In Re RICO Madness

The Dread Pro-Se Kimberlin has filed a letter asking for permission to file a motion for reconsideration of Judge Hazel’s dismissal of the Ku Klux Klan Act claims in the Kimberlin v. The Universe, et al. RICO Madness.

Also, Aaron Walker, Lee Stranahan, Stacy McCain, and I have jointly filed a letter asking for permission to file a motion for sanctions against Kimberlin.

Our letter speaks for itself, and I do not plan to make any substantive public comments on the matters it covers until after the court has ruled on granting permission to file.

34 thoughts on “In Re RICO Madness

  1. Meanwhile, William has utterly lost his mind; responding to your motion in the state lulzsuit and writing demanding e-mails to the Carroll County SA, “prosecutor to defense attorney.” It was quite a tirade.

  2. Tough call on this one. If I were the judge, I’d grant both requests and hear what the parties have to say.

    Refusing the Plaintiff’s request to file a request for reconsideration could be an issue for appeal (assuming Kush v. Rutledge actually says what he purports it to say, which is probably not a safe assumption). And the court can easily refuse the request to reconsider.

    Concerning the defendant’s motion, the court had repeatedly warned the Plaintiff to follow the rules, and the Plaintiff continued to refuse to follow them. This warrants more than a strong warning. Again, the court can easily refuse to grant sanctions.

    On the other hand, I’m sure the judge has had enough of this case.

    • Even if the judge is sick of the case, he’s got another on his plate. Even if he didn’t, it’s his job (and in his long-term interest) to make sure the law is being followed – and the law was broken on multiple occasions right in front of his nose.

      • And the other case he’s got on his plate can easily become another and another and another and another. Or, he could avail himself of the opportunity to neuter the litigious little lecher. It was awfully nice of The Diddler to present Judge Hazel with such an object lesson in vexatious litigation.

      • You know, in all of my conversations with judges over the years, I don’t think I’ve ever asked one if he thinks “mak[ing] sure the law is being followed” is part of his job.

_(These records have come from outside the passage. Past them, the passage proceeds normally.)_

(* Let $M$ be a matroid of rank $r$ on a finite linearly ordered set $E$. Then $\mathcal A(M)$ is an antichain, and $\mathcal A(U)\cap\mathcal A(U')=\emptyset$ for all distinct $U,U'\in\mathcal U^*(M)$.
   Context: Graded lexicographic order on $2^E$: $X\prec Y$ if $|X|<|Y|$, or $|X|=|Y|$ and $\min(X\triangle Y)\in X$; $\min\mathcal X$ is the $\prec$-smallest member of a nonempty $\mathcal X$. $X$ is $k$-closed in $M$ if $\mathrm{cl}_M(Y)\subseteq X$ for all $Y\subseteq X$ with $|Y|\le k$; $\mathrm{cl}_k(X)$ is the intersection of all $k$-closed supersets of $X$ (so $\mathrm{cl}_{-1}(X)=X$). For a flat $F$ of rank $k$, $U^*_F=\min\{U:\mathrm{cl}_{k-1}(U)=F\}$; $\mathcal U^*_k=\{U^*_F: F\text{ a flat of rank }k,\ |U^*_F|>k\}$ for $0\le k\le r-1$, and $\mathcal U^*(M)=\bigcup_{k=0}^{r-1}\mathcal U^*_k$. For $U\in\mathcal U^*_k$ define $\mathcal A(U)=\binom{U}{r-1}$ if $k=r-1$; $\mathcal A(U)=\binom{U}{k}\setminus\{\min\binom{U}{k}\}$ if $0<k<r-1$; $\mathcal A(U)=\binom{U}{1}$ if $k=0$. Here $\binom{U}{j}$ is the set of $j$-subsets of $U$. Finally $\mathcal A(M)=\bigcup_{k=0}^{r-1}\bigcup_{U\in\mathcal U^*_k}\mathcal A(U)$. *)

From mathcomp Require Import all_boot all_order all_algebra.
Set Implicit Arguments. Unset Strict Implicit. Unset Printing Implicit Defensive.

(* Ground set E = 'I_n = {0,...,n-1} with its natural linear order. *)

Record matroid (n : nat) := Matroid {
  indep : pred {set 'I_n};
  indep0 : indep set0;
  indep_sub : forall A B : {set 'I_n}, B \subset A -> indep A -> indep B;
  indep_aug : forall A B : {set 'I_n}, indep A -> indep B -> #|A| < #|B| ->
     exists2 e, e \in B :\: A & indep (e |: A)
}.

Section Defs.
Variables (n : nat) (M : matroid n).
Local Notation E := 'I_n.

Definition rk (X : {set E}) : nat :=
  \max_(Y : {set E} | (Y \subset X) && indep M Y) #|Y|.
Definition mrank : nat := rk [set: E].

Definition cl (X : {set E}) : {set E} := [set e | rk (e |: X) == rk X].
Definition is_flat (F : {set E}) : bool := cl F == F.

Definition glex_lt (X Y : {set E}) : bool :=
  (#|X| < #|Y|) ||
  ((#|X| == #|Y|) &&
   [exists x in X :\: Y,
      [forall y in (X :\: Y) :|: (Y :\: X), (nat_of_ord x <= nat_of_ord y)%N]]).

(* the glex-smallest member of a family (set0 if the family is empty) *)
Definition glex_min (F : {set {set E}}) : {set E} :=
  odflt set0 [pick U in F | [forall V in F, (V == U) || glex_lt U V]].

(* k-closed sets, k an integer (k = -1 allowed) *)
Definition kclosed (k : int) (X : {set E}) : bool :=
  [forall Y : {set E}, ((Y \subset X) && (#|Y|%:Z <= k)%R) ==> (cl Y \subset X)].

Definition clk (k : int) (X : {set E}) : {set E} :=
  \bigcap_(Y : {set E} | (X \subset Y) && kclosed k Y) Y.

Definition Ustar (F : {set E}) : {set E} :=
  glex_min [set U : {set E} | clk ((rk F)%:Z - 1)%R U == F].

Definition Ustar_k (k : nat) : {set {set E}} :=
  [set Ustar F | F in [set F : {set E} | is_flat F && (rk F == k) && (k < #|Ustar F|)]].

Definition binom (U : {set E}) (j : nat) : {set {set E}} :=
  [set X : {set E} | (X \subset U) && (#|X| == j)].

Definition Aset (k : nat) (U : {set E}) : {set {set E}} :=
  if k == mrank.-1 then binom U mrank.-1
  else if k == 0 then binom U 1
  else binom U k :\ glex_min (binom U k).

Definition AM : {set {set E}} :=
  \bigcup_(k < mrank) \bigcup_(U in Ustar_k k) Aset k U.

Definition UstarM : {set {set E}} := \bigcup_(k < mrank) Ustar_k k.

Definition antichain (F : {set {set E}}) : Prop :=
  forall X Y, X \in F -> Y \in F -> X \subset Y -> X = Y.

End Defs.

(* U = U^*_F is glex-minimal among the sets whose (k-1)-closure is F.  Deleting from U an element
   spanned by fewer than k others, or replacing a k-subset of U by a glex-smaller set with the
   same closure, leaves the (k-1)-closure unchanged but makes U glex-smaller.  Hence every
   k-subset of U is independent and spans F, and a k-subset of U that also lies in some
   U^*_F' with rk F' > k must be the glex-first k-subset of U, which is exactly the one removed
   in A(U).  For k = 0 the set U consists of loops, for k > 0 of non-loops, which settles the
   remaining cases. *)

From Pilot Require Import Defs.
From mathcomp Require Import all_boot all_order all_algebra.
From mathcomp Require Import zify.
Set Implicit Arguments. Unset Strict Implicit. Unset Printing Implicit Defensive.

Section MatroidRank.
Variables (n : nat) (M : matroid n).
Local Notation E := 'I_n.
Local Notation rk := (rk M).
Local Notation cl := (cl M).
Implicit Types X Y I F : {set E}.

Lemma rk_leq_card X : rk X <= #|X|.
Proof. by apply/bigmax_leqP => Y /andP[YX _]; apply: subset_leq_card. Qed.

Lemma indep_leq_rk I X : I \subset X -> indep M I -> #|I| <= rk X.
Proof.
move=> IX iI.
by apply: (leq_bigmax_cond (P := fun Y : {set E} => (Y \subset X) && indep M Y)
                           (F := fun Y : {set E} => #|Y|)); rewrite IX iI.
Qed.

Lemma rkS X Y : X \subset Y -> rk X <= rk Y.
Proof.
move=> XY; apply/bigmax_leqP => I /andP[IX iI].
by apply: indep_leq_rk iI; apply: subset_trans XY.
Qed.

Lemma rk_basis X : exists I, [/\ I \subset X, indep M I & #|I| = rk X].
Proof.
have P0 : (set0 \subset X) && indep M set0 by rewrite sub0set indep0.
rewrite /Defs.rk (bigmax_eq_arg set0 P0).
by case: arg_maxnP => // I /andP[IX iI] _; exists I.
Qed.

Lemma indepE X : indep M X = (rk X == #|X|).
Proof.
apply/idP/eqP => [iX | rkX]; first by apply/anti_leq; rewrite rk_leq_card indep_leq_rk.
have [I [IX iI cI]] := rk_basis X.
suff -> : X = I by exact: iI.
by apply/esym/eqP; rewrite eqEcard IX cI rkX leqnn.
Qed.

Lemma rk_set0 : rk set0 = 0.
Proof. by apply/eqP; rewrite -leqn0 -(cards0 E) rk_leq_card. Qed.

Lemma subset_cl X : X \subset cl X.
Proof. by apply/subsetP => x xX; rewrite inE (setUidPr _) // sub1set. Qed.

        Next time I get a chance, I’ll ask one or two of them what they view their role is in law enforcement. I suspect they will say that it’s their job to resolve disputes (in civil matters) and ensure that the state proves its case against a defendant (in criminal matters).

  3. A few points…

    1) Brett barely talked about part one of section 2. Which is why the judge didn’t say anything about it.

    2) Brett is only telling half the truth about Kush. yes, you don’t need invidious discrimination, but you know what you do need? it needs to be obstruction of a federal judicial proceeding. And if you read last week’s opinion, the judge already said there was none.

    3) threatening the judge with appeal is not going to help him. it only helps us, because I suspect the judge was being nice to brett to avoid appeals. Now he will know it is coming no matter what.

    • Of course, appeals don’t bother a judge unless he’s overturned. And the odds of that are…? Hazel paid out a hell of a lot of rope before he jerked it taut.

  4. BOOM! Goes the dynamite.

    I’m sorry, that was an inappropriate metaphor.

    Do we have any other ticking time bombs here?

    I’m sorry, that was an inappropriate metaphor.

  5. Actually doing podcasts makes it impossible for someone to deny they said something, especially when they record it, play it, make CD’s and try to sell it

    Thank goodness for stupid stupid stupid enemies

    • Too bad none of his listeners record him… and my devout sympathy to those who might, and might listen to this record for posterior, um, I mean, posterity.

      And of course it could have been _anyone_ (for a given value of anyone) that called Hoge before Thanksgiving. Sucks to leave a big voice sample with your face tied to it.

      Ever hear the phrase “a face made for radio?” How about “and a voice made for newsprint?”

  6. I think the motion is very effective. It doesn’t play games or attempt to be clever. It just explains the problem, puts it in the real context of permanent abuse of the process, and offers two solutions.

    I hope Judge Hazel does what seems to me to be absolutely called for. Sanctions should be substantial enough to deter others. Brett couldn’t better define ‘vexatious litigant’ if he changed his name to ‘vexatious litigant’.

    Unfortunately, Hazel allowing one of Brett’s claims to survive might make it impossible for him to declare Brett vexatious at this point. If there was enough there to survive (which I didn’t think there was) then vexing Brett may be to the entire system, but frivolous apparently not (which is a shame).

    Prayers to Hoge’s wife and their family. May God heal and comfort these people just as surely as He will settle with Brett, ultimately.

    • I don’t know why it didn’t make explicit references to Brett Kimberlin’s abuse of the privileges of pleading to defame people with impunity, other than sanctions? His conduct was especially egregious given how certain websites tied to him repeated the defamatory content, themselves claiming the privileges of the press.